_Input records_.
Lemma sqrf_inj : injective (fun x : F => x ^+ 2).
Proof.
move=> x y /= sq; have : (x + y) ^+ (2 ^ 1) = 0 by rewrite frobD sq (addrr_pchar2 pchar2).
by move/eqP; rewrite expf_eq0 /= addr_eq0_pchar2 => /eqP.
Qed.

Lemma tr1E m (x : F) : tr 1 m x = \sum_(i < m) x ^+ (2 ^ i).
Proof. by rewrite /tr divn1; apply: eq_bigr => i _; rewrite muln1. Qed.

Lemma tr1D m : {morph @tr F 1 m : x y / x + y}.
Proof. by move=> x y; rewrite !tr1E -big_split; apply: eq_bigr => i _; rewrite frobD. Qed.

Lemma tr10 m : tr 1 m (0 : F) = 0.
Proof. by rewrite tr1E big1 // => i _; rewrite expr0n expn_eq0. Qed.

Lemma tr1X2 m (x : F) : tr 1 m (x ^+ 2) = tr 1 m x ^+ 2.
Proof.
rewrite !tr1E -[in RHS](pFrobenius_autE pchar2) rmorph_sum.
by apply: eq_bigr => i _; rewrite /= pFrobenius_autE -!exprM mulnC.
Qed.

Lemma tr1X2E m (x : F) : tr 1 m (x ^+ 2) = tr 1 m x + x + x ^+ (2 ^ m).
Proof.
have trS : tr 1 m.+1 x = x + tr 1 m (x ^+ 2).
  rewrite !tr1E big_ord_recl expn0 expr1; congr (_ + _).
  by apply: eq_bigr => i _; rewrite -exprM expnS.
rewrite -[LHS](addKr x) -trS tr1E big_ord_recr /= -tr1E.
by rewrite (oppr_pchar2 pchar2) addrCA addrA.
Qed.

Lemma tr1_idem m (x : F) : x ^+ (2 ^ m) = x -> tr 1 m x ^+ 2 = tr 1 m x.
Proof. by move=> xm; rewrite -tr1X2 tr1X2E xm -addrA (addrr_pchar2 pchar2) addr0. Qed.

Lemma sgnF_idemD (t s : F) :
  t ^+ 2 = t -> s ^+ 2 = s -> sgnF (t + s) = sgnF t * sgnF s.
Proof.
move=> /idemf_eq01[] -> /idemf_eq01[] ->; rewrite /sgnF ?addr0 ?add0r ?eqxx ?oner_eq0 //.
by rewrite (addrr_pchar2 pchar2) eqxx.
Qed.

Lemma sgnF_tr1D m (x y : F) : x ^+ (2 ^ m) = x -> y ^+ (2 ^ m) = y ->
  sgnF (tr 1 m (x + y)) = sgnF (tr 1 m x) * sgnF (tr 1 m y).
Proof. by move=> xm ym; rewrite tr1D sgnF_idemD // tr1_idem. Qed.

Lemma sgnF_tr1X2 m (x : F) : sgnF (tr 1 m (x ^+ 2)) = sgnF (tr 1 m x).
Proof. by rewrite tr1X2 /sgnF expf_eq0. Qed.

End CharacteristicTwo.

Section QuadraticExtension.
Variables (F : finFieldType) (n : nat).
Hypothesis cardF : #|F| = (2 ^ (2 * n))%N.
Local Notation q := (2 ^ n)%N.

Lemma pchar2 : 2 \in [pchar F].
Proof. exact: card_finPcharP cardF _. Qed.

Lemma n_gt0 : (0 < n)%N.
Proof. by case: n cardF => // /eqP; rewrite muln0 expn0 gtn_eqF ?finNzRing_gt1. Qed.

Lemma q_gt1 : (1 < q)%N.
Proof. by rewrite -{1}(expn0 2) ltn_exp2l // n_gt0. Qed.
Lemma lex_total u v : lex_lt u v \/ u = v \/ lex_lt v u.
Proof.
  destruct (classic (exists n, u n <> v n)) as [Hdiff|Hsame].
  - destruct (least_nat _ Hdiff) as [n [Hn Hmin]].
    assert (Hpre : forall m, (m < n)%nat -> u m = v m)
      by (intros m Hm; apply NNPP, Hmin, Hm).
    destruct (Z.lt_total (u n) (v n)) as [H|[H|H]].
    + left; exists n; auto.
    + contradiction.
    + right; right; exists n; split; auto. intros m Hm; symmetry; auto.
  - right; left. apply functional_extensionality; intros n.
    apply NNPP; intros H; apply Hsame; eauto.
Qed.

Lemma increasing_reflects (f : Zw -> Zw) :
  (forall u v, lex_lt u v -> lex_lt (f u) (f v)) ->
  forall u v, lex_lt u v <-> lex_lt (f u) (f v).
Proof.
  intros Hf u v; split; [apply Hf|]. intros H.
  destruct (lex_total u v) as [Huv|[<-|Hvu]]; [exact Huv| |];
    exfalso; apply (lex_irrefl (f u)); [exact H|].
  exact (lex_trans _ _ _ H (Hf _ _ Hvu)).
Qed.

(** ** Shift-equivalence, a concrete form of tail-equivalence *)

Definition shift_equiv (u v : Zw) : Prop :=
  exists i j : nat, forall n, u (i + n)%nat = v (j + n)%nat.

Lemma shift_equiv_refl u : shift_equiv u u.
Proof. exists 0%nat, 0%nat; reflexivity. Qed.

Lemma shift_equiv_sym u v : shift_equiv u v -> shift_equiv v u.
Proof. intros [i [j H]]; exists j, i; intros; symmetry; apply H. Qed.
(* Let $\varphi$ be a continuous Archimedean t-norm, $A^{+}=(a^{+}_{ij}),A^{-}=(a^{-}_{ij})\in[0,1]^{m\times n}$, $b\in[0,1]^m$, and let $I_j$, $S'_{ij}$ be as in the context. Let $i\in\{1,\dots,m\}$, $j\in\{1,\dots,n\}$ with $S'_{ij}\neq\varnothing$. Then $I_j$ is a nonempty closed interval $[L_j,U_j]$ and $S'_{ij}$ is one of the sets $\{L_j\}$, $\{U_j\}$, $\{L_j,U_j\}$, $[L_j,U_j]$.
   Context: A t-norm is a binary operation on $[0,1]$ that is commutative, associative, nondecreasing in each argument and has $1$ as neutral element; a continuous t-norm $\varphi$ is Archimedean if $\varphi(x,x)<x$ for all $x\in(0,1)$. For $i\in\mathscr{I}=\{1,\dots,m\}$, $j\in\mathscr{J}=\{1,\dots,n\}$: $S_{ij}=\{t\in[0,1]:\max\{\varphi(a^{+}_{ij},t),\varphi(a^{-}_{ij},1-t)\}=b_i\}$, $I_{ij}=\{t\in[0,1]:\max\{\varphi(a^{+}_{ij},t),\varphi(a^{-}_{ij},1-t)\}\le b_i\}$, $I_j=\bigcap_{i\in\mathscr{I}}I_{ij}$, and $S'_{ij}=S_{ij}\cap I_j$. *)

From Stdlib Require Import Reals.
Open Scope R_scope.

Definition unit_I (x : R) : Prop := 0 <= x <= 1.

(* A t-norm on [0,1], represented as a function R -> R -> R whose values
   matter only on [0,1] x [0,1]. *)
Definition is_tnorm (phi : R -> R -> R) : Prop :=
  (forall x y, unit_I x -> unit_I y -> unit_I (phi x y)) /\
  (forall x y, unit_I x -> unit_I y -> phi x y = phi y x) /\
  (forall x y z, unit_I x -> unit_I y -> unit_I z ->
     phi x (phi y z) = phi (phi x y) z) /\
  (forall x x' y y', unit_I x -> unit_I x' -> unit_I y -> unit_I y' ->
     x <= x' -> y <= y' -> phi x y <= phi x' y') /\
  (forall x, unit_I x -> phi x 1 = x).

Definition continuous_on_unit_square (phi : R -> R -> R) : Prop :=
  forall x y, unit_I x -> unit_I y ->
  forall eps, 0 < eps -> exists delta, 0 < delta /\
    forall x' y', unit_I x' -> unit_I y' ->
      Rabs (x' - x) < delta -> Rabs (y' - y) < delta ->
      Rabs (phi x' y' - phi x y) < eps.

Definition continuous_archimedean_tnorm (phi : R -> R -> R) : Prop :=
  is_tnorm phi /\ continuous_on_unit_square phi /\
  (forall x, 0 < x < 1 -> phi x x < x).

(* Row indices i < m, column indices j < n (0-based). *)
Definition lhs (phi : R -> R -> R) (Ap Am : nat -> nat -> R) (i j : nat) (t : R) : R :=
  Rmax (phi (Ap i j) t) (phi (Am i j) (1 - t)).

Definition S_set phi Ap Am (b : nat -> R) i j : R -> Prop :=
  fun t => unit_I t /\ lhs phi Ap Am i j t = b i.

Definition I_set phi Ap Am (b : nat -> R) i j : R -> Prop :=
  fun t => unit_I t /\ lhs phi Ap Am i j t <= b i.

Definition I_col phi Ap Am b (m : nat) j : R -> Prop :=
  fun t => unit_I t /\ forall i, (i < m)%nat -> I_set phi Ap Am b i j t.

Definition S'_set phi Ap Am b m i j : R -> Prop :=
  fun t => S_set phi Ap Am b i j t /\ I_col phi Ap Am b m j t.

(* Each constraint phi(a+, t) <= b_i cuts out a closed down-set of [0,1] and each
   constraint phi(a-, 1 - t) <= b_i a closed up-set, so I_j is a closed interval
   [L, U].  A continuous Archimedean t-norm is strictly increasing in its second
   argument wherever it is positive: if phi(a, t) = phi(a, t') = x > 0 with
   t < t', the intermediate value theorem writes t = phi(t', s) with s < 1, so
   phi(x, s) = x, and the least s with phi(x, s) = x would be an idempotent
   strictly between 0 and 1.  Hence, when b_i > 0, a point of S'_ij where the
   maximum is attained by phi(a+, t) can only be U, and one where it is attained
   by phi(a-, 1 - t) can only be L; when b_i = 0, S'_ij is all of I_j. *)

From Stdlib Require Import Reals Lra Classical.
Open Scope R_scope.

Definition adherent (E : R -> Prop) (x : R) : Prop :=
  forall d, 0 < d -> exists u, E u /\ Rabs (u - x) < d.

Definition closed (E : R -> Prop) : Prop := forall x, adherent E x -> E x.

Definition continuous_within_unit (f : R -> R) (x : R) : Prop :=
  forall eps, 0 < eps -> exists d, 0 < d /\
    forall y, unit_I y -> Rabs (y - x) < d -> Rabs (f y - f x) < eps.

Lemma adherent_mono (E F : R -> Prop) x :
  (forall u, E u -> F u) -> adherent E x -> adherent F x.
Proof.
  intros HEF HE d Hd. destruct (HE d Hd) as [u [Hu Hux]]. exists u; auto.
Qed.

Lemma adherent_opp (E : R -> Prop) x :
  adherent E x -> adherent (fun u => E (- u)) (- x).
Proof.
  intros HE d Hd. destruct (HE d Hd) as [u [Hu Hux]].
  exists (- u). rewrite Ropp_involutive. split; [exact Hu|].
  replace (- u - - x) with (- (u - x)) by ring. rewrite Rabs_Ropp. exact Hux.
Qed.

Lemma adherent_from_right (E : R -> Prop) s :
  s < 1 -> (forall u, s < u <= 1 -> E u) -> adherent E s.
Proof.
  intros Hs HE d Hd.
  assert (Hr : 0 < Rmin d (1 - s)) by (apply Rmin_glb_lt; lra).
  pose proof (Rmin_l d (1 - s)). pose proof (Rmin_r d (1 - s)).
  exists (s + Rmin d (1 - s) / 2). split.
  - apply HE. lra.
  - apply Rabs_def1; lra.
Qed.

Lemma closed_segment a b : closed (fun u => a <= u <= b).
Proof.
  intros x Hx. split; apply Rnot_lt_le; intro Hlt.
  - destruct (Hx (a - x)) as [u [Hu Hux]]; [lra|].
    apply Rabs_def2 in Hux. lra.
  - destruct (Hx (x - b)) as [u [Hu Hux]]; [lra|].
    apply Rabs_def2 in Hux. lra.
Qed.

Lemma adherent_unit_I (E : R -> Prop) x :
  (forall u, E u -> unit_I u) -> adherent E x -> unit_I x.
Proof.
  intros HE Hx. apply closed_segment. exact (adherent_mono _ _ x HE Hx).
Qed.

_Task brief_.
In the material above, find every line with the word "have" and show it.

_Result for this exercise_.
move=> x y /= sq; have : (x + y) ^+ (2 ^ 1) = 0 by rewrite frobD sq (addrr_pchar2 pchar2).
have trS : tr 1 m.+1 x = x + tr 1 m (x ^+ 2).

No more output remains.